Please note this offer is for those in Sydney and Melbourne only.

Traders and Investors Congress 2006 have 125 free tickets to give away to their 2 day seminars in Sydney (April 1,2) and Melbourne (April 29,30).

Some of the topics covered by the nine speakers in each two day event are:


Options
Spread Trading
CFD's
Forex
Futures
Trading Psychology
Trading US Markets
"Renting" your Shares for Monthly Income
Swing Trading
Managed Accounts
ASX Data
Buffett Style Value Investing
Different Types of Analysis
Momentum Trading
System Trading
Short and Long Term Setups
Leveraging
More Passive Investment Strategies
Medium and Long Term Investing
Trading European Markets
Technical Analysis

Thanks to event sponsors, attendees with also receive:

1) A 20 day free trial of Spectrum Live and;
2) A 7 day free trial of Bourse Data Software

Click here for more information


----------



## Jay-684 (10 March 2006)

sounds interesting, however why is it that it says

"In Fact... It’s not even $1,000. 

OK, Here it is... 

Tickets for this Great Event Are Just $399 Each.

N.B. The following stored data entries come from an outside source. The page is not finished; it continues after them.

Lemma card_fibered_pairs (T1 T2 : finType) (P : pred T1) (Q : T1 -> pred T2) m :
  (forall y, P y -> m <= #|[set z | Q y z]|) ->
  #|[set y | P y]| * m <= #|[set x : T1 * T2 | P x.1 && Q x.1 x.2]|.
Proof.
move=> fiber; rewrite -!sum1dep_card -(pair_big_dep P Q (fun _ _ => 1)) big_distrl /=.
by apply: leq_sum => y Py; rewrite mul1n sum1dep_card; apply: fiber.
Qed.

(* A word of length c extending u is determined by its last c - |u| letters. *)
Lemma card_prefix_extensions n c (u : seq 'I_n) :
  #|[set z : c.-tuple 'I_n | prefix u z]| <= n ^ (c - size u).
Proof.
have -> : n ^ (c - size u) = #|{: (c - size u).-tuple 'I_n}| by rewrite card_tuple card_ord.
apply: (@leq_card_in _ _ (fun z : c.-tuple 'I_n => [tuple of drop (size u) z])).
move=> z1 z2; rewrite !inE => /prefixP[w1 e1] /prefixP[w2 e2] /(congr1 val) /=.
by rewrite e1 e2 !drop_size_cat // => e; apply/val_inj; rewrite /= e1 e2 e.
Qed.

(* A pair of words (u, v) with u a prefix of v is determined by v. *)
Lemma card_prefix_pairs n a b :
  a <= b -> #|[set y : a.-tuple 'I_n * b.-tuple 'I_n | prefix y.1 y.2]| <= n ^ b.
Proof.
move=> le_ab; have -> : n ^ b = #|{: b.-tuple 'I_n}| by rewrite card_tuple card_ord.
apply: (@leq_card_in _ _ (fun y : a.-tuple 'I_n * b.-tuple 'I_n => y.2)).
move=> [u1 v1] [u2 v2]; rewrite !inE /= => pre1 pre2 ev; subst v2; congr (_, _).
move: pre1 pre2; rewrite !prefixE !size_tuple => /eqP e1 /eqP e2.
by apply/val_inj; rewrite /= -e1 -e2.
Qed.

(* Lower bound on prefix codes with sorted lengths a <= b <= c: choose (u, v)
   with u not a prefix of v (at least n^a n^b - n^b pairs), then w avoiding the
   extensions of u and of v (at least n^c - n^(c-a) - n^(c-b) words). *)
Lemma card_PR3_lower n a b c : 0 < a -> a <= b -> b <= c ->
  (n ^ a * n ^ b - n ^ b) * (n ^ c - n ^ (c - a) - n ^ (c - b)) <= #|PR3 n a b c|.
Proof.
move=> a0 le_ab le_bc.
pose P (y : a.-tuple 'I_n * b.-tuple 'I_n) := ~~ prefix y.1 y.2.
pose Q (y : a.-tuple 'I_n * b.-tuple 'I_n) (z : c.-tuple 'I_n) :=
  ~~ prefix y.1 z && ~~ prefix y.2 z.
have pairs : n ^ a * n ^ b - n ^ b <= #|[set y | P y]|.
  set A := [set y : a.-tuple 'I_n * b.-tuple 'I_n | prefix y.1 y.2].
  have -> : [set y | P y] = ~: A by apply/setP => y; rewrite !inE.
  have := cardsC A; rewrite card_prod !card_tuple card_ord.
  have := card_prefix_pairs n le_ab; rewrite -/A; lia.
have fiber (y : a.-tuple 'I_n * b.-tuple 'I_n) :
    n ^ c - n ^ (c - a) - n ^ (c - b) <= #|[set z | Q y z]|.
  set E1 := [set z : c.-tuple 'I_n | prefix y.1 z].
  set E2 := [set z : c.-tuple 'I_n | prefix y.2 z].
  have -> : [set z | Q y z] = ~: (E1 :|: E2) by apply/setP => z; rewrite !inE negb_or.
  have := card_prefix_extensions c y.1; have := card_prefix_extensions c y.2.
  rewrite !size_tuple -/E1 -/E2 => E2_le E1_le.
  have := cardsC (E1 :|: E2); have := (leq_card_setU E1 E2).1.
  rewrite card_tuple card_ord; lia.
apply: leq_trans (leq_mul pairs (leqnn _)) _.
apply: leq_trans (card_fibered_pairs (fun y _ => fiber y)) _.
apply: subset_leq_card; apply/subsetP => -[[u v] w] /[!inE] /andP[/= nuv /andP[nuw nvw]].
by apply/asboolP; apply: sorted_prefix_code; rewrite ?size_tuple.
Qed.

Lemma card_words3 n a b c : #|{: words3 n a b c}| = n ^ a * n ^ b * n ^ c.
Proof. by rewrite !card_prod !card_tuple card_ord. Qed.

Lemma card_UD3_upper n a b c (B : finType) (h : B -> words3 n a b c) :
  injective h -> (forall y, ~ is_code (seq_of3 (h y))) ->
  #|UD3 n a b c| + #|B| <= n ^ a * n ^ b * n ^ c.
Proof.
move=> h_inj h_noncode; rewrite -card_words3 -(cardsC (h @: setT)) card_imset // cardsT.
rewrite addnC leq_add2l; apply/subset_leq_card/subsetP => x /[!inE] /asboolP codex.
by apply/imsetP => -[y _ exy]; apply: (h_noncode y); rewrite -exy.
Qed.

Lemma card_UD3_11 n c : 2 <= n -> 0 < c -> #|UD3 n 1 1 c| + (n * n ^ c).+1 <= n * n * n ^ c.
Proof.
move=> n2 c0; pose l0 : 'I_n := Ordinal (ltnW n2); pose l1 : 'I_n := Ordinal n2.
pose h (y : option (1.-tuple 'I_n * c.-tuple 'I_n)) : words3 n 1 1 c :=
  if y is Some y then (y.1, y.1, y.2) else ([tuple l0], [tuple l1], nseq_tuple c l0).
have := @card_UD3_upper n 1 1 c _ h; rewrite card_option card_prod !card_tuple card_ord expn1.
apply.
  move=> [[? ?]|] [[? ?]|] //=; first by case=> -> _ ->.
  - by case=> e1 e2 _; move: (etrans (esym e1) e2) => /(congr1 val) /= [].
  - by case=> e1 e2 _; move: (etrans e1 (esym e2)) => /(congr1 val) /= [].
by move=> [y|] /=; [apply: repeated_not_code | apply: letter_power_not_code].
Qed.

Lemma card_UD3_binary_11 c : 0 < c -> #|UD3 2 1 1 c| = 0.
Proof.
move=> c0; apply/eqP; rewrite cards_eq0; apply/eqP/setP => -[[v1 v2] w] /[!inE].
apply/asboolP; rewrite /seq_of3 /=.
case: v1 v2 => [[|l1 []] //= ?] [[|l2 []] //= ?].
have [<-|ne] := eqVneq l1 l2; first exact: repeated_not_code.
apply: two_letters_not_code; first by rewrite -size_eq0 size_tuple -lt0n.
by apply/allP => l _; move: l l1 l2 ne => [[|[|?]] ?] [[|[|?]] ?] [[|[|?]] ?].
Qed.

Lemma card_UD3_binary_12 c : 0 < c -> #|UD3 2 1 2 c| + (2 * 2 ^ c).+1 <= 2 * 4 * 2 ^ c.
Proof.
move=> c0; pose l0 : 'I_2 := ord0; pose l1 : 'I_2 := ord_max.
pose h (y : option (1.-tuple 'I_2 * c.-tuple 'I_2)) : words3 2 1 2 c :=
  if y is Some y then (y.1, [tuple of y.1 ++ y.1], y.2)
  else ([tuple l0], [tuple l0; l1], nseq_tuple c l0).
have := @card_UD3_upper 2 1 2 c _ h; rewrite card_option card_prod !card_tuple card_ord.
apply.
  move=> [[? ?]|] [[? ?]|] //=; first by case=> -> _ ->.
  - by case=> -> /= [].
  - by case=> <- /= [].
by move=> [y|] /=; [apply: square_not_code | apply: letter_power_not_code].
Qed.

(* Arithmetic core of the sorted case: with x = y + 1,  #UD <= x (q x) . p (q x)
   and  #PR >= (x (q x) - q x)(p (q x) - p q - p) = y (q y - 1) . p (q x), so
   k1 #UD < k2 #PR follows from the inequality between the cofactors of p (q x). *)
Lemma ratio_from_cofactors k1 k2 y q p U R : 0 < q -> 0 < p ->
  k1 * (y.+1 * (q * y.+1)) + k2 * y < k2 * (y * (q * y)) ->
  U <= y.+1 * (q * y.+1) * (p * (q * y.+1)) ->
  (y.+1 * (q * y.+1) - q * y.+1) * (p * (q * y.+1) - p * q - p) <= R ->
  k1 * U < k2 * R.
Proof.
move=> q0 p0 gap U_le R_ge.
have e_pairs : y.+1 * (q * y.+1) - q * y.+1 = y * (q * y.+1) by rewrite mulSn addKn.
have e_third : p * (q * y.+1) - p * q - p = p * (q * y - 1).
  by rewrite mulnS mulnDr addKn mulnBr muln1.
rewrite e_pairs e_third in R_ge.
have gap' : k1 * (y.+1 * (q * y.+1)) < k2 * (y * (q * y - 1)) by rewrite !mulnBr !muln1; lia.
have F0 : 0 < q * y.+1 * p by rewrite !muln_gt0 q0 p0.
apply: leq_ltn_trans (leq_mul (leqnn k1) U_le) _.
apply: leq_trans (leq_mul (leqnn k2) R_ge).
have -> : k1 * (y.+1 * (q * y.+1) * (p * (q * y.+1))) =
          k1 * (y.+1 * (q * y.+1)) * (q * y.+1 * p) by ring.
have -> : k2 * (y * (q * y.+1) * (p * (q * y - 1))) =
          k2 * (y * (q * y - 1)) * (q * y.+1 * p) by ring.
by rewrite ltn_pmul2r.
Qed.

Lemma sorted_ratio_bound n a b c k1 k2 : 0 < n -> 0 < a -> a <= b -> b <= c ->
  let y := (n ^ a).-1 in let q := n ^ (b - a) in
  k1 * (y.+1 * (q * y.+1)) + k2 * y < k2 * (y * (q * y)) ->
  k1 * #|UD3 n a b c| < k2 * #|PR3 n a b c|.
Proof.
move=> n0 a0 le_ab le_bc y q gap.
have UD_le := max_card (mem (UD3 n a b c)); rewrite card_words3 in UD_le.
have PR_ge := card_PR3_lower n a0 le_ab le_bc.
have e_a : n ^ a = y.+1 by rewrite prednK ?expn_gt0 ?n0.
have e_b : n ^ b = q * y.+1 by rewrite -e_a -expnD subnK.
have e_c : n ^ c = n ^ (c - b) * (q * y.+1) by rewrite -e_b -expnD subnK.
have e_ca : n ^ (c - a) = n ^ (c - b) * q by rewrite -expnD; congr (_ ^ _); lia.
rewrite e_a e_b e_c e_ca in UD_le PR_ge.
by apply: ratio_from_cofactors gap UD_le PR_ge; rewrite expn_gt0 n0.
Qed.

(* Cofactor inequality for n >= 3, valid when q >= n (a < b) or x >= n^2 (a >= 2). *)
Lemma cofactor_gap_large n y q : 3 <= n -> n <= y.+1 -> 1 <= q ->
  (n <= q) || (n * n <= y.+1) ->
  (n - 2) * (y.+1 * (q * y.+1)) + n * y < n * (y * (q * y)).
Proof.
move=> n3 ny q1 /orP[nq|nny]; have [m em] : exists m, n = m + 3 by exists (n - 3); lia.
- have [s ey] : exists s, y = m + 2 + s by exists (y - (m + 2)); lia.
  have [t eq] : exists t, q = n + t by exists (q - n); lia.
  subst; rewrite (_ : m + 3 - 2 = m + 1); last lia.
  clear; nia.
- have [s ey] : exists s, y = m * m + 6 * m + 8 + s by exists (y - (m * m + 6 * m + 8)); nia.
  have [t eq] : exists t, q = 1 + t by exists (q - 1); lia.
  subst; rewrite (_ : m + 3 - 2 = m + 1); last lia.
  clear; nia.
Qed.

Lemma cofactor_gap_binary y q : 1 <= y -> 1 <= q -> (4 <= q) || (3 <= y) ->
  1 * (y.+1 * (q * y.+1)) + 6 * y < 6 * (y * (q * y)).
Proof.
move=> y1 q1 /orP[q4|y3].
- have [s ey] : exists s, y = 1 + s by exists (y - 1); lia.
  have [t eq] : exists t, q = 4 + t by exists (q - 4); lia.
  subst; clear; nia.
- have [s ey] : exists s, y = 3 + s by exists (y - 3); lia.
  have [t eq] : exists t, q = 1 + t by exists (q - 1); lia.
  subst; clear; nia.
Qed.

(* The exceptional profile (1, 1, c) for n >= 3, with P = n^(c-1). *)
Lemma ratio_11_arith n P U R : 3 <= n ->
  U + (n * (n * P)).+1 <= n * n * (n * P) -> (n * n - n) * (n * P - P - P) <= R ->
  (n - 2) * U < n * R.
Proof.
move=> n3; have [m ->] : exists m, n = m + 3 by exists (n - 3); lia.
have -> : m + 3 - 2 = m + 1 by lia.
have -> : (m + 3) * (m + 3) - (m + 3) = (m + 3) * (m + 2) by lia.
have -> : (m + 3) * P - P - P = (m + 1) * P by lia.
move=> U_le R_ge; have U_lt : U < (m + 3) * (m + 3) * (m + 2) * P by lia.
have := leq_mul (leqnn (m + 3)) R_ge.
have : (m + 1) * U < (m + 1) * ((m + 3) * (m + 3) * (m + 2) * P) by rewrite ltn_pmul2l ?addn1.
lia.
Qed.

Lemma ratio_large_alphabet n a b c : 3 <= n -> 0 < a -> a <= b -> b <= c ->
  (n - 2) * #|UD3 n a b c| < n * #|PR3 n a b c|.
Proof.
move=> n3 a0 le_ab le_bc; have n0 : 0 < n by apply: leq_trans n3.
have e_a : ((n ^ a).-1).+1 = n ^ a by rewrite prednK ?expn_gt0 ?n0.
case: (boolP ((a < b) || (1 < a))) => [generic | /norP[/negbTE ab /negbTE a1]].
  apply: sorted_ratio_bound => //; apply: cofactor_gap_large => //.
  all: rewrite ?e_a ?expn_gt0 ?n0 //.
    by rewrite -{1}(expn1 n) leq_exp2l ?(ltnW n3).
  case/orP: generic => [lt_ab|lt1a]; apply/orP; [left|right].
    by rewrite -{1}(expn1 n) leq_exp2l ?(ltnW n3) // subn_gt0.
  by rewrite mulnn leq_exp2l ?(ltnW n3).
have [a_1 b_1] : a = 1 /\ b = 1 by lia.
subst a b.
have c0 : 0 < c by lia.
have U_le := card_UD3_11 (ltnW n3) c0.
have R_ge := card_PR3_lower n (isT : 0 < 1) (leqnn 1) le_bc.
have e_c : n ^ c = n * n ^ c.-1 by rewrite -expnS prednK.
rewrite e_c subn1 !expn1 in U_le R_ge.
exact: ratio_11_arith n3 U_le R_ge.
Qed.

Lemma ratio_binary a b c : 0 < a -> a <= b -> b <= c -> 0 < #|UD3 2 a b c| ->
  #|UD3 2 a b c| < 6 * #|PR3 2 a b c|.
Proof.
move=> a0 le_ab le_bc UD0.
have e_a : ((2 ^ a).-1).+1 = 2 ^ a by rewrite prednK ?expn_gt0.
case: (boolP ((1 < a) || (2 < b))) => [generic | /norP[a1 b2]].
  rewrite -[X in X < _]mul1n; apply: sorted_ratio_bound => //.
  apply: cofactor_gap_binary; rewrite ?expn_gt0 //.
    by rewrite -ltnS e_a; apply: (@leq_pexp2l 2 1 a).
  case: (ltnP 1 a) => [lt1a|le_a1]; apply/orP; [right|left].
    by rewrite -ltnS e_a; apply: (@leq_pexp2l 2 2 a).
  by apply: (@leq_pexp2l 2 2 (b - a)); lia.
have a_1 : a = 1 by lia.
subst a; have [b_1|b_2] : b = 1 \/ b = 2 by lia.
  by subst b; rewrite card_UD3_binary_11 in UD0.
subst b.
have U_le := card_UD3_binary_12 (ltnW le_bc).
have R_ge := card_PR3_lower 2 (isT : 0 < 1) le_ab le_bc.
have [k c_eq] : exists k, c = k + 2 by exists (c - 2); lia.
subst c; have e_c : 2 ^ (k + 2) = 4 * 2 ^ k by rewrite expnD mulnC.
have e_c1 : 2 ^ (k + 2 - 1) = 2 * 2 ^ k by rewrite addn2 subn1 /= expnS.
rewrite e_c e_c1 addnK (_ : 2 ^ 1 * 2 ^ 2 - 2 ^ 2 = 4) // in U_le R_ge.
lia.
Qed.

Spend Two Whole Days with these Powerful And Exciting 

Trading Professionals - Packed Full Of 

Killer Stock Market Education!



------------------------ Just Announced ------------------------



We have just finalized a sponsorship agreement with www.MyBigDeal.com



MyBigDeal.com have decided to sponsor this series of Traders and 

Investors Congress Events to the tune $100,000 in ticket sales.



What this basically means, is that the first 500 people booked into these events will receive their tickets absolutely free. 



That's right, MyBigDeal.com will pay for the first 250 people booked in"

so the tickets have a RRP of 399, but "mybigdeal.com" has sponsored them for $100,000 (which should cover 250 tickets, but then they go on to say the first 500 people will get in for free.

sounds a bit wierd to me. can anyone explain?


----------



## Joe Blow (10 March 2006)

Jay-684 said:
			
		

> so the tickets have a RRP of 399, but "mybigdeal.com" has sponsored them for $100,000 (which should cover 250 tickets, but then they go on to say the first 500 people will get in for free.
> 
> sounds a bit wierd to me. can anyone explain?




Jay,

It was explained to me by the managing director of the company organising the events that one of the major sponsors has subsidised the cost of the free tickets, which are being distributed on a first come first served basis by ASF and some other sites.

However I don't think that mybigdeal.com is actually paying $399 per ticket for the free tickets but has worked out some kind of deal with the organisers.


----------



## Jay-684 (10 March 2006)

ok

thanks for clearing that up!


----------